# Sunflower Fuzz



## chongmagic (Apr 2, 2019)

I found some NOS NKT275s to put in and they sound pretty good. I will have to put up a sound demo when I can.









						New item by Jonathan Freeman
					






					photos.app.goo.gl
				












						New item by Jonathan Freeman
					






					photos.app.goo.gl


----------



## Jbanks (Apr 7, 2019)

I built a Sunflower a month or so ago and couldn’t get the level/gain to be high enough. Messed up the PCB taking out a transistor and started all over last night...

Long story short, the sound issue is still the same-bypass is fine, when turned on it is very quiet and no fuzz. No luck turning the clean and bias. 

I can’t locate NKT275 germanium and tried silicon and another matched pair or Ge that didn’t work. Will this not work even close without the NKT275’s? I build a fair amount of pedals a month and something this simple is really puzzling me. 

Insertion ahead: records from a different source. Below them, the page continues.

Lemma is_derive_mehler_closed_inv (x y w : R) : Rabs w < 1 ->
  is_derive (mehler_closed_inv x y) w
    (- mehler_ode_coef x y w / (1 - w ^ 2) ^ 2 * mehler_closed_inv x y w).
Proof.
  intros Hw. assert (Hw2 := one_sub_sq_pos w Hw).
  set (s := x ^ 2 + y ^ 2).
  set (dE := ((2 * x * y - 2 * s * w) * (1 - w ^ 2) + 2 * w * (2 * x * y * w - s * w ^ 2))
             / (1 - w ^ 2) ^ 2).
  assert (HE : is_derive (fun w => - mehler_exponent x y w) w (- dE)).
  { unfold mehler_exponent. eapply is_derive_eq; [auto_derive; [fold_square; lra | reflexivity]|].
    unfold dE, s. fold_square. field. lra. }
  assert (Hexp := is_derive_comp exp _ w _ _ (is_derive_exp _) HE).
  assert (Hprod := is_derive_mult _ _ _ _ _ (is_derive_sqrt_one_sub_sq w Hw) Hexp
                     (fun n m => Rmult_comm n m)).
  unfold mehler_closed_inv. eapply is_derive_eq; [exact Hprod|].
  unfold plus, mult, scal; simpl. unfold mult; simpl.
  unfold mehler_ode_coef, dE, s. field. lra.
Qed.

Lemma is_derive_mehler_product (x y t : R) : Rabs t < 1 ->
  is_derive (fun t => PSeries (mehler_coef x y) t * mehler_closed_inv x y t) t 0.
Proof.
  intros Ht. assert (Ht2 := one_sub_sq_pos t Ht).
  assert (HF := is_derive_PSeries (mehler_coef x y) t (mehler_coef_CV_radius x y t Ht)).
  assert (Hprod := is_derive_mult _ _ _ _ _ HF (is_derive_mehler_closed_inv x y t Ht)
                     (fun n m => Rmult_comm n m)).
  eapply is_derive_eq; [exact Hprod|]. unfold plus, mult; simpl.
  assert (Hode := PSeries_mehler_ode x y t Ht).
  replace (PSeries (PS_derive (mehler_coef x y)) t)
    with (mehler_ode_coef x y t * PSeries (mehler_coef x y) t / (1 - t ^ 2) ^ 2)
    by (rewrite <- Hode; field; lra).
  field. lra.
Qed.
Lemma Rbar_lt_exists_between (a b : Rbar) (e : R) :
  Rbar_lt a b -> Rbar_lt (Finite e) b ->
  exists c, e < c /\ Rbar_lt a (Finite c) /\ Rbar_lt (Finite c) b.
Proof.
  destruct a as [ra| |]; destruct b as [rb| |]; simpl; intros H1 H2; try tauto.
  - exists ((Rmax e ra + rb) / 2). unfold Rmax; destruct Rle_dec; lra.
  - exists (Rmax e ra + 1). unfold Rmax; destruct Rle_dec; lra.
  - exists ((e + rb) / 2). lra.
  - exists (e + 1). lra.
Qed.

Lemma dependent_choice_seq {A : Type} (I : A -> Prop) (Rel : nat -> A -> A -> Prop)
  (a : A) :
  I a -> (forall k x, I x -> exists y, I y /\ Rel k x y) ->
  exists u : nat -> A, u O = a /\ forall k, I (u k) /\ Rel k (u k) (u (S k)).
Proof.
  intros Ha Hstep.
  set (next := fun k x => epsilon (inhabits a) (fun y => I y /\ Rel k x y)).
  set (u := fix u k := match k with O => a | S k' => next k' (u k') end).
  assert (Hnext : forall k x, I x -> I (next k x) /\ Rel k x (next k x))
    by (intros k x Hx; exact (epsilon_spec _ _ (Hstep k x Hx))).
  assert (Hu : forall k, I (u k))
    by (induction k as [|k IH]; [exact Ha | exact (proj1 (Hnext k _ IH))]).
  exists u. split; [reflexivity|].
  intros k. exact (conj (Hu k) (proj2 (Hnext k _ (Hu k)))).
Qed.

Lemma exists_approx_inf {A : Type} (S : A -> Prop) (F : A -> R) (c e : R) (z : A) :
  S z -> (forall y, S y -> c <= F y) -> 0 < e ->
  exists y, S y /\ forall w, S w -> F y <= F w + e.
Proof.
  intros Hz Hc He.
  set (E := fun r => exists w, S w /\ r = - F w).
  assert (Hb : bound E).
  { exists (- c). intros r [w [Hw ->]]. specialize (Hc w Hw). lra. }
  destruct (completeness E Hb (ex_intro _ (- F z) (ex_intro _ z (conj Hz eq_refl))))
    as [m [Hub Hlub]].
  destruct (classic (exists w, S w /\ m - e < - F w)) as [[w [Hw Hlt]] | Hn].
  - exists w; split; [exact Hw|]. intros w' Hw'.
    assert (- F w' <= m) by (apply Hub; exists w'; auto). lra.
  - exfalso. assert (m <= m - e); [|lra].
    apply Hlub. intros r [w [Hw ->]].
    apply Rnot_lt_le. intros Hlt. apply Hn. exists w; auto.
Qed.

Lemma ex_series_telescoping_le (a u : nat -> R) (c : R) :
  (forall k, 0 <= a k) -> (forall k, a k <= u k - u (S k)) -> (forall k, c <= u k) ->
  ex_series a.
Proof.
  intros Ha Hau Hc.
  assert (Hpart : forall n, sum_n a n <= u O - u (S n)).
  { induction n as [|n IH].
    - rewrite sum_O. apply Hau.
    - rewrite sum_Sn. specialize (Hau (S n)).
      change (plus (sum_n a n) (a (S n))) with (sum_n a n + a (S n)). lra. }
  destruct (ex_finite_lim_seq_incr (sum_n a) (u O - c)) as [L HL].
  - intros n. rewrite sum_Sn.
    change (plus (sum_n a n) (a (S n))) with (sum_n a n + a (S n)).
    specialize (Ha (S n)). lra.
  - intros n. specialize (Hpart n). specialize (Hc (S n)). lra.
  - exists L. exact HL.
Qed.

Section MetricSpace.
Context {M : Type} (d : M -> M -> R).
Hypothesis Hm : is_metric d.
Hypothesis Hcomplete : mcomplete d.

Lemma dist_ge0 x y : 0 <= d x y.
Proof. destruct Hm as [H _]. apply H. Qed.

Lemma dist_sym x y : d x y = d y x.
Proof. destruct Hm as [_ [_ [H _]]]. apply H. Qed.

Lemma dist_triangle x y z : d x z <= d x y + d y z.
Proof. destruct Hm as [_ [_ [_ H]]]. apply H. Qed.

Lemma dist_refl x : d x x = 0.
Proof. destruct Hm as [_ [H _]]. apply H; reflexivity. Qed.

Lemma dist_small_eq x y : (forall e, 0 < e -> d x y < e) -> x = y.
Proof.
  intros Hsmall. destruct Hm as [_ [H _]]. apply H.
  apply Rle_antisym; [|apply dist_ge0].
  apply le_epsilon. intros e He. specialize (Hsmall e He). lra.
Qed.

Lemma mconv_shift (u : nat -> M) (l : M) (n : nat) :
  mconv d u l -> mconv d (fun k => u (n + k)%nat) l.
Proof.
  intros Hu e He. destruct (Hu e He) as [N HN].
  exists N. intros k Hk. apply HN. lia.
Qed.

Lemma slope_is_glb (F : M -> Rbar) x :
  Rbar_is_glb (fun v => exists delta, 0 < delta /\ v = slope_ball d F x delta)
    (slope d F x).
Proof. unfold slope, Rbar_glb. destruct (Rbar_ex_glb _) as [l Hl]. exact Hl. Qed.

Lemma slope_lt_ball (F : M -> Rbar) x (c : R) :
  Rbar_lt (slope d F x) (Finite c) ->
  exists delta, 0 < delta /\ forall y, 0 < d x y -> d x y < delta ->
    pos_diff (F x) (F y) / d x y < c.
Proof.
  intros H.
  destruct (classic (exists delta, 0 < delta /\
                       Rbar_lt (slope_ball d F x delta) (Finite c)))
    as [[delta [Hd Hlt]] | Hn].
  - exists delta; split; [exact Hd|]. intros y Hy1 Hy2.
    refine (Rbar_le_lt_trans _ _ _ (proj1 (Lub_Rbar_correct _) _ _) Hlt).
    right. exists y. auto.
  - exfalso. destruct (slope_is_glb F x) as [_ Hglb].
    assert (Hlb : Rbar_le (Finite c) (slope d F x)).
    { apply Hglb. intros v [delta [Hd ->]].
      apply Rbar_not_lt_le. intros Hlt. apply Hn. exists delta; auto. }
    exact (Rbar_lt_not_le _ _ H Hlb).
Qed.

Lemma slope_gt_near (F : M -> Rbar) x (c : R) :
  0 < c -> Rbar_lt (Finite c) (slope d F x) ->
  forall delta, 0 < delta -> exists y, 0 < d x y /\ d x y < delta /\
    c < pos_diff (F x) (F y) / d x y.
Proof.
  intros Hc H delta Hd.
  assert (Hball := Rbar_lt_le_trans _ _ _ H
                     (proj1 (slope_is_glb F x) _ (ex_intro _ delta (conj Hd eq_refl)))).
  apply NNPP. intros Hn.
  assert (Hle : Rbar_le (slope_ball d F x delta) (Finite c)).
  { apply (proj2 (Lub_Rbar_correct _)). intros r [-> | [y [Hy1 [Hy2 ->]]]]; simpl.
    - lra.
    - apply Rnot_lt_le. intros Hlt. apply Hn. exists y; auto. }
  exact (Rbar_lt_not_le _ _ Hball Hle).
Qed.
Lemma Finite_arrow X Y : Finite X -> Finite Y -> Finite (X -> Y).
Proof.
  intros [la Ha] [lb Hb]. destruct (functions_on_list la lb Hb) as [lf Hlf].
  exists lf. intro f. destruct (Hlf f) as [g [Hg Hgf]].
  replace f with g; [exact Hg|]. apply functional_extensionality; auto.
Qed.

Lemma Finite_prod X Y : Finite X -> Finite Y -> Finite (X * Y).
Proof. intros [la Ha] [lb Hb]. exists (list_prod la lb). intros [x y]. apply in_prod; auto. Qed.

Lemma Finite_sum X Y : Finite X -> Finite Y -> Finite (X + Y).
Proof.
  intros [la Ha] [lb Hb]. exists (map inl la ++ map inr lb).
  intros [x|y]; apply in_app_iff; [left | right]; apply in_map; auto.
Qed.

Lemma csem_finite c : Finite (csem c).
Proof.
  induction c; simpl.
  - apply Finite_arrow; assumption.
  - apply Finite_prod; assumption.
  - exists [tt]. intros []. left; reflexivity.
  - apply Finite_sum; assumption.
  - exists []. intros [].
Qed.

Section Reembedding.

Variable N : model.

(* [tinst N (emb c)] is [c] only propositionally, so the denotation of [M(A)] in a model
   is related to [csem (tinst M A)] by this bijection rather than by conversion. *)
Fixpoint decode (c : cty) : tsem N (emb c) -> csem c :=
  match c return tsem N (emb c) -> csem c with
  | carr a b => fun f x => decode b (f (encode a x))
  | cprod a b => fun p => (decode a (fst p), decode b (snd p))
  | cunit => fun x => x
  | csum a b => fun s => match s with inl x => inl (decode a x) | inr y => inr (decode b y) end
  | cempty => fun x => x
  end
with encode (c : cty) : csem c -> tsem N (emb c) :=
  match c return csem c -> tsem N (emb c) with
  | carr a b => fun f x => encode b (f (decode a x))
  | cprod a b => fun p => (encode a (fst p), encode b (snd p))
  | cunit => fun x => x
  | csum a b => fun s => match s with inl x => inl (encode a x) | inr y => inr (encode b y) end
  | cempty => fun x => x
  end.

Any help would be welcome!


----------



## chongmagic (Apr 7, 2019)

You don't need NKT-275s they are near impossible to find and most are duds or fake. You can use some 2SB171s those should work too.


----------



## Jbanks (Apr 7, 2019)

chongmagic said:


> You don't need NKT-275s they are near impossible to find and most are duds or fake. You can use some 2SB171s those should work too.




Thanks,

I’ll give those a try and see if it helps the level/gain issues.


----------



## chongmagic (Apr 7, 2019)

You can probably get a matched pair off Smallbear


----------



## Jbanks (Apr 7, 2019)

Ok. And is there a certain HFE range they should be? If it’s too weak HFE will it just not be loud enough?


----------



## chongmagic (Apr 7, 2019)

The range depends on the type of tranny you use. 2SB171 from specs have 50 minimum hfe. So 50 and over is what you would want. Small bear will sell a matched pair with the correct hfe.


----------



## bkn1966 (Apr 7, 2019)

Matched?  I thought the second transistor is supposed to have a higher hfe?


----------



## chongmagic (Apr 7, 2019)

They match Q1 and Q2 so that they are the optimal values. From what I recall Q1 is always lower in hfe than Q2.


----------